Methodology Overview

In FL+HC, hierarchical clustering is used midway through the federated training process to group clients based on the similarity of their local model updates. After clustering, each group of clients — characterized by similar data distributions — is trained on a specialized model. This approach contrasts with typical FL that seeks to produce a single global model, potentially suboptimal due to diverse training data distributions among clients.

The clustering process involves evaluating the local model updates' similarity using various distance metrics (Euclidean, Manhattan, and cosine) and linkage techniques, which organize clusters based on mean, complete or single linkages. To ensure the practicality of this method, a robust empirical analysis explores several hyperparameter configurations.

Experimental Results

The paper evaluates FL+HC on the MNIST dataset across different non-IID settings: pathological non-IID, label-swapped non-IID, and FEMNIST. These configurations simulate real-world FL scenarios where client data distributions vary widely.
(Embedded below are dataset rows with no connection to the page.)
Record GenReedy (R : Category) := {
  plus : MorClass R;
  minus : MorClass R;
  deg : R -> nat;
  plus_id : forall a, plus (idm a);
  plus_comp : forall a b c (f : Hom a b) (g : Hom b c),
      plus f -> plus g -> plus (g ∘ f);
  minus_id : forall a, minus (idm a);
  minus_comp : forall a b c (f : Hom a b) (g : Hom b c),
      minus f -> minus g -> minus (g ∘ f);
  deg_plus : forall a b (f : Hom a b), plus f -> ~ iso f -> deg a < deg b;
  deg_minus : forall a b (f : Hom a b), minus f -> ~ iso f -> deg b < deg a;
  deg_iso : forall a b (f : Hom a b), iso f -> deg a = deg b;
  plus_minus_iso : forall a b (f : Hom a b), (plus f /\ minus f) <-> iso f;
  fact_ex : forall a b (f : Hom a b), exists c (h : Hom a c) (g : Hom c b),
      minus h /\ plus g /\ f = g ∘ h;
  fact_uniq : forall a b c c' (h : Hom a c) (g : Hom c b) (h' : Hom a c')
      (g' : Hom c' b), minus h -> plus g -> minus h' -> plus g' ->
      g ∘ h = g' ∘ h' ->
      exists th : Hom c c', iso th /\ th ∘ h = h' /\ g' ∘ th = g;
  iso_fix_minus : forall a b (f : Hom a b) (th : Hom b b),
      iso th -> minus f -> th ∘ f = f -> th = idm b }.
Arguments plus {R} _ {a b} _.
Arguments minus {R} _ {a b} _.

Record Functor (R E : Category) := {
  fob :> R -> E;
  fmap : forall a b : R, Hom a b -> Hom (fob a) (fob b);
  fmap_id : forall a, fmap (idm a) = idm (fob a);
  fmap_comp : forall a b c (f : Hom a b) (g : Hom b c),
      fmap (g ∘ f) = fmap g ∘ fmap f }.
Arguments fmap {R E} _ {a b} _.

Record NatTrans (R E : Category) (X Y : Functor R E) := {
  ntc :> forall r : R, Hom (X r) (Y r);
  ntc_nat : forall a b (u : Hom a b), ntc b ∘ fmap X u = fmap Y u ∘ ntc a }.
  1. Pathological Non-IID: FL+HC exhibited notably faster convergence, requiring fewer communication rounds than standard FL while achieving similar final test accuracies. Employing the Manhattan distance metric led to optimal clustering results, significantly improving the rate at which clients reached the target accuracy.
  2. Label-Swapped Non-IID: Consistently, FL+HC outperformed FL in configurations where clients had conflicting label mappings. Here, the cosine distance metric was most effective in forming clusters aligned with client data peculiarities, thereby enhancing the model's generalization ability.
  3. FEMNIST Non-IID: Results showed marginal improvements, reflecting the complexity inherent in data partitioned by user. While testing varied distance metrics, no significant benefits were observed over traditional FL, indicating challenges in this more realistic and complicated setting.

Implications and Future Directions

The introduction of FL+HC highlights the importance of tailoring model training to the nuances of client data distributions in decentralized learning environments. By strategically clustering clients, the method can facilitate the creation of more accurate, specialized models without modifying the underlying FL protocol.

Theoretical implications suggest that various non-IID data characteristics may require different clustering strategies for optimal performance. Practical implications extend to industries where data privacy is paramount yet distribution is naturally skewed, such as mobile applications or IoT devices.

Future research may focus on integrating FL+HC with privacy-preserving constraints like differential privacy, addressing the noise and compression in client updates. Further scalability tests on larger networks and datasets, alongside investigations into adversarial resilience, could bolster the application potential of FL+HC.

This paper marks a step forward in the quest to reconcile federated learning with the diverse realities of distributed data environments, proposing a sophisticated yet intuitive adjustment to existing protocols.